However the primary problem with maven is that like git it is a configuration management tool.

But unlike git which can at least be (ab)used to become a developer tool, maven just doesn't have the required facilities to start with.

Subversion wtf?

I thought i'd see if the HSA stuff had been updated so I started updating my local checkouts yesterday. Apart from git being a bit of a git, subversion seems to have added 'interactive' bullshit now. So rather than just dump conflict markers in a file and show them it prompts you for what to do.

Yeah, no thanks.

Not sure I could be bothered building it right now anyway even if it wasn't still checking out the c++ snot from gcc.

Atom, wtf?

I came across a link to the "next generation" editor from github - Atom. Really pretty baffling why they're even working on some shitty editor, using 'web' technologies and then turning it into a macintosh application.

But really what surprised me most was the number of people saying things like "it's slow and it's buggy and even though it's exactly like some existing programmers editor I paid for, i'm going to be using this from now on".

What? Why? Do they think there'll be some sort of gold-rush on plugins? Why would they be willing to interfere with their productivity just to be part of something new?

Amazing the strange decisions people make based on hype.
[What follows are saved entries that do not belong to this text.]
Theorem theorem1 (X Y : Type) (PX QX : X -> R) (W : X -> Y -> R) (f : R -> R)
  (HXc : countable X) (HYc : countable Y)
  (HPX : pmf PX) (HQX : pmf QX)
  (HPpos : forall x, 0 < PX x) (HQpos : forall x, 0 < QX x)
  (HW : stochastic W) (HWy : forall y, exists x, 0 < W x y)
  (Hconv : convex_pos f) (Hf1 : f 1 = 0) :
  let PY := push PX W in
  let QY := push QX W in
  let I := intI PX QX in
  (forall c, cf_ok f I c ->
     ge_diff (Df f PX QX) (Df f PY QY) (chi2 PX QX) (chi2 PY QY) c) /\
  (forall f2 : R -> R, twice_diff_on f I f2 ->
     (cf_ok f I (/ 2 * Rinf (img I f2)) /\
      ((exists x, PX x <> QX x) ->
         forall c, cf_ok f I c -> c <= / 2 * Rinf (img I f2))) /\
     ge_diff (Df f PX QX) (Df f PY QY) (chi2 QX PX) (chi2 QY PY)
       (/ 2 * Rinf (img I (fun t => t ^ 3 * f2 t))) /\
     (bound (img I f2) ->
        le_diff (Df f PX QX) (Df f PY QY) (chi2 PX QX) (chi2 PY QY)
          (/ 2 * Rsup (img I f2))) /\
     (bound (img I (fun t => t ^ 3 * f2 t)) ->
        le_diff (Df f PX QX) (Df f PY QY) (chi2 QX PX) (chi2 QY PY)
          (/ 2 * Rsup (img I (fun t => t ^ 3 * f2 t))))) /\
  (cf_ok (fun t => (t - 1) ^ 2) I 1 /\
   twice_diff_on (fun t => (t - 1) ^ 2) I (fun _ => 2) /\
   / 2 * Rinf (img I (fun _ => 2)) = 1 /\
   / 2 * Rsup (img I (fun _ => 2)) = 1 /\
   Df (fun t => (1 - t) ^ 2 / t) PX QX = chi2 QX PX /\
   Df (fun t => (1 - t) ^ 2 / t) PY QY = chi2 QY PY /\
   twice_diff_on (fun t => (1 - t) ^ 2 / t) I (fun t => 2 / t ^ 3) /\
   / 2 * Rinf (img I (fun t => t ^ 3 * (2 / t ^ 3))) = 1 /\
   / 2 * Rsup (img I (fun t => t ^ 3 * (2 / t ^ 3))) = 1) /\
  (forall (Pn : nat -> X -> R) (f2 : R -> R),
     (forall n, pmf (Pn n)) ->
     (forall x, Un_cv (fun n => Pn n x) (QX x)) ->
     Un_cv (fun n => Rinf (fun r => exists x, r = Pn n x / QX x)) 1 ->
     Un_cv (fun n => Rsup (fun r => exists x, r = Pn n x / QX x)) 1 ->
     C2_at_1 f f2 ->
     ratio_lim (fun n => Df f (Pn n) QX) (fun n => Df f (push (Pn n) W) QY)
               (fun n => chi2 (Pn n) QX) (fun n => chi2 (push (Pn n) W) QY)
               (f2 1 / 2) /\
     ratio_lim (fun n => Df f (Pn n) QX) (fun n => Df f (push (Pn n) W) QY)
               (fun n => chi2 QX (Pn n)) (fun n => chi2 QY (push (Pn n) W))
               (f2 1 / 2)).
Proof.
  destruct (pmf_has_sum PX HPX) as [NP SP]. destruct (pmf_has_sum QX HQX) as [NQ SQ].
  assert (I1 : intI PX QX 1) by now apply intI_one.
  assert (HPY : forall y, 0 < push PX W y) by (intros y; now apply push_pos).
  assert (HQY : forall y, 0 < push QX W y) by (intros y; now apply push_pos).
  cbv zeta. split; [|split; [|split]].
  - exact (cf_ok_pearson_drop_lb PX QX W HPpos HQpos SP SQ HW HWy f Hconv).
  - intros f2 Htd.
    destruct (twice_diff_on_intI PX QX f Hconv f2 Htd) as [f1 [Hd Hf2]].
    split; [split|split; [|split]].
    + exact (cf_ok_half_Rinf PX QX HPpos HQpos SP SQ f f1 f2 Hd Hf2).
    + exact (cf_ok_le_half_Rinf PX QX HPpos HQpos SP SQ f f1 f2 Hd).
    + exact (neyman_drop_lb PX QX W HPpos HQpos SP SQ HW HWy f Hconv f1 f2 Hd Hf2).
    + exact (pearson_drop_ub PX QX W HPpos HQpos SP SQ HW HWy f Hconv f1 f2 Hd).
    + exact (neyman_drop_ub PX QX W HPpos HQpos SP SQ HW HWy f Hconv f1 f2 Hd).
  - destruct (img_Rinf_Rsup_const (intI PX QX) (fun _ => 2) 2 1 I1 (fun _ _ => eq_refl)) as [C1 C2].
    destruct (img_Rinf_Rsup_const (intI PX QX) (fun t => t ^ 3 * (2 / t ^ 3)) 2 1 I1) as [C3 C4].
    { intros t It. pose proof (intI_pos _ _ _ It). field. lra. }
    rewrite C1, C2, C3, C4.
    split; [apply pearson_cf_ok_one|]. split; [apply pearson_twice_diff_on|].
    split; [field|]. split; [field|].
    split; [now apply Df_neyman|]. split; [now apply Df_neyman|].
    split; [apply neyman_twice_diff_on, intI_pos|]. split; field.
  - intros Pn f2 Hpmf _ Hinf Hsup HC2. split.
    + exact (pearson_ratio_lim QX W Pn f f2 HQpos SQ HW HWy Hconv Hpmf Hinf Hsup HC2).
    + exact (neyman_ratio_lim QX W Pn f f2 HQpos SQ HW HWy Hconv Hpmf Hinf Hsup HC2).
Qed.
And people still buy text editors? There's dozens of free ones out there and many many of them are particularly excellent. Maybe it's a macintosh thing. Like on the Amiga little developers can make niche products and get people to buy them.

Apparently the buzz is because it's extensible using an 'easy to use' language, whilst still being pretty and newbie friendly. Yeah I dunno, javascript is pretty shit when used as an app language.

Agile, the antonym of development methodologies

I've worked out how to treat everything that comes out of 'Agile' development. Just put a not in-front of each and every word of jargon from the agile bible (again another load of bullshit created to sell self-help books).

It's not a sprint, it's not a backlog item, and it's certainly not fucking agile in any dictionary-sense-of-the-word.

One can only imaging the authors of the 'best selling' book on the subject erroneously used the antonym section of the thesaurus when trying to generate their silly jargon rather than the synonym one.

A death in the family

Samantha finally died ... or what was left of her.

This is her second frame and the frame cracked in the same place - along the rear weld of the reinforcing strut behind the bottom bracket. The rear wheel is also new (the original just needs a couple of spokes and a re-true). I replaced all the cables when I changed the frame last time. The seat post needed changing when I changed frames, both brakes ended up being replaced (the springs on the arms broke off). At least one new chain - maybe two, and another rear cog cluster. So yeah, not much left of the original bike: front wheel, derailers, levers, handlebars, pedals, and forks.

This was originally a Specialized mountain bike I bought in Boston when I was working for Ximian in 2000, so i got a pretty good run out of it, and the replacement frame was only $150 (old but new stock). It's my shopping cart and commuter so even if i'm not doing as much distance as I am right now it's always had a regular weekly use and occasional heavy loads (like 10kg bags of flour, 25kg bags of potting mix, or a late-night dinky).

I have a Wheeler I bought even earlier (1998 or 1999?) which has been sitting outside with a broken rear wheel (fucking idiot at the bike shop on The Parade in Norwood over-tightened the spokes so much they pulled out of the rim - avoid, they're snobby wankers anyway) so over Easter I did a bit of a recondition on that. Gave it a good clean, sanded and touched up all the corrosion spots in the paintwork, cleaned and oiled the chain, then moved over the wheels, mudguards, pannier rack, lights, bottle cage, pump, and saddle from Sam.

The brand new rear wheel by this time was a little loose so I did a re-true on that and replaced a missing spoke on the front wheel and re-trued that (at least, as best I could), re-aligned the rear derailer and so on.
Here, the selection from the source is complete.